Source records

= = =

(* Assume the standing setup below. Let $\theta\in\mathbb{R}^{|\mathcal{V}|}$ with $\theta_i\ge0$ for all $i$, let $\mathbf{x}\in\mathcal{S}_\rho$, and let $(i,j)\in\mathcal{A}$ satisfy $u_i(\theta_i)\ge u_j(0)$. If $\mathbf{x}_i\in[0,\theta_i]$, then $\delta_{ij}(\mathbf{x})=0$ both for SSD and for NBRD. If moreover $\mathbf{z}^*_i(\mathbf{x})\in[0,\theta_i]$, where $\mathbf{z}^*(\mathbf{x})$ is the (unique) $\mathbf{z}$-part of any optimizer of $\mathbf{P}_3$, then $\mathbf{d}^*_{ij}=0$ for every optimizer $(\mathbf{z}^*,\mathbf{d}^* )$ of $\mathbf{P}_3$ (i.e. $\delta_{ij}(\mathbf{x})=0$ for NRPM as well).
   Context: Standing setup: $\mathcal{G}=(\mathcal{V},\mathcal{E})$ is a finite, connected, undirected graph; $\mathcal{N}^i$ is the neighbour set of $i$ and $\overline{\mathcal{N}}^i=\mathcal{N}^i\cup\{i\}$; $\mathcal{A}=\bigcup_{\{i,j\}\in\mathcal{E}}\{(i,j),(j,i)\}$ is the associated arc set. For $\rho\ge0$, $\mathcal{S}_\rho=\{\mathbf{x}\ge0:\sum_i\mathbf{x}_i=\rho\}$. For each node $i$, $p_i:[0,\infty)\to\mathbb{R}$ is twice continuously differentiable and strictly concave, and $u_i:=p_i'$ (right derivative at $0$), strictly decreasing. $U(\mathbf{x})=\sum_i[p_i(\mathbf{x}_i)-p_i(0)]$. All three dynamics have the form $\dot{\mathbf{x}}_i=\sum_{j\in\mathcal{N}^i}(\delta_{ji}(\mathbf{x})-\delta_{ij}(\mathbf{x}))$ with flows $\delta_{ij}\ge0$ on arcs $(i,j)\in\mathcal{A}$. SSD (stratified Smith dynamics): $\delta_{ij}=\max\{u_j(\mathbf{x}_j)(\mathbf{x}_i-y_{ij})-(p_i(\mathbf{x}_i)-p_i(y_{ij})),0\}$, where $y_{ij}=0$ if $u_j(\mathbf{x}_j)\ge u_i(0)$, $y_{ij}=\mathbf{x}_i$ if $u_j(\mathbf{x}_j)\le u_i(\mathbf{x}_i)$, and otherwise $y_{ij}$ is the unique $y\in(0,\mathbf{x}_i)$ with $u_i(y)=u_j(\mathbf{x}_j)$. NBRD (nodal best response dynamics): $\delta_{ij}=\mathbf{d}^*_{ij}$, where $\{\mathbf{d}^*_{ij}\}_{j\in\overline{\mathcal{N}}^i}$ is the optimizer of $\mathbf{P}_2^i$: maximize $\sum_{j\in\mathcal{N}^i}[p_j(\mathbf{x}_j+\mathbf{d}_{ij})-p_j(\mathbf{x}_j)]+[p_i(\mathbf{d}_{ii})-p_i(0)]$ subject to $\mathbf{d}_{ii}+\sum_{j\in\mathcal{N}^i}\mathbf{d}_{ij}=\mathbf{x}_i$, $\mathbf{d}_{ij}\ge0$ for $j\in\overline{\mathcal{N}}^i$. NRPM (network restricted payoff maximization): $\mathbf{P}_3$ is: maximize $U(\mathbf{z})$ over $(\mathbf{z},\mathbf{d})$ subject to $\mathbf{z}_i=\mathbf{x}_i+\sum_{j\in\overline{\mathcal{N}}^i}(\mathbf{d}_{ji}-\mathbf{d}_{ij})$ for all $i$, $\sum_{j\in\overline{\mathcal{N}}^i}\mathbf{d}_{ij}=\mathbf{x}_i$ for all $i$, and $\mathbf{d}_{ij}\ge0$ for all $(i,j)\in\mathcal{A}\cup\{(i,i):i\in\mathcal{V}\}$. The $\mathbf{z}$-component $\mathbf{z}^*(\mathbf{x})$ of optimizers is unique, the NRPM dynamics is $\dot{\mathbf{x}}=\mathbf{z}^*(\mathbf{x})-\mathbf{x}$, and its arc flows are $\delta_{ij}=\mathbf{d}^*_{ij}$ for an optimizer $(\mathbf{z}^*,\mathbf{d}^* )$. *)

From HB Require Import structures.
From mathcomp Require Import all_boot all_order all_algebra.
From mathcomp Require Import all_classical all_reals all_analysis.
Set Implicit Arguments. Unset Strict Implicit. Unset Printing Implicit Defensive.
Import Order.TTheory GRing.Theory Num.Theory.
Import numFieldNormedType.Exports.
Local Open Scope classical_set_scope.
Local Open Scope ring_scope.

Section Defs.
Variable R : realType.

(* A finite, connected, undirected (simple) graph given by a symmetric,
   irreflexive adjacency relation e on a finite node type V.  The arc set
   A consists of the ordered pairs (i,j) with e i j. *)
Definition graph_ok (V : finType) (e : rel V) : Prop :=
  symmetric e /\ irreflexive e /\ (forall i j : V, connect e i j).

Definition deriv_on_nonneg (f f' : R -> R) : Prop :=
  (forall x : R, 0 < x -> is_derive x 1 f (f' x)) /\
  ((fun h : R => h^-1 * (f h - f 0)) @ 0^'+ --> f' 0).

Definition C2_nonneg_with_deriv (p u : R -> R) : Prop :=
  deriv_on_nonneg p u /\
  exists u2 : R -> R, deriv_on_nonneg u u2 /\
                      {within [set x : R | 0 <= x], continuous u2}.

= = =

### [What you are asked to do]
Take the stretch of lines above from the one containing "A consists of" through the one containing "Definition deriv_on_nonneg (f" and repeat it exactly, adding no other line.

### [Reply]
   A consists of the ordered pairs (i,j) with e i j. *)
Definition graph_ok (V : finType) (e : rel V) : Prop :=
  symmetric e /\ irreflexive e /\ (forall i j : V, connect e i j).

Definition deriv_on_nonneg (f f' : R -> R) : Prop :=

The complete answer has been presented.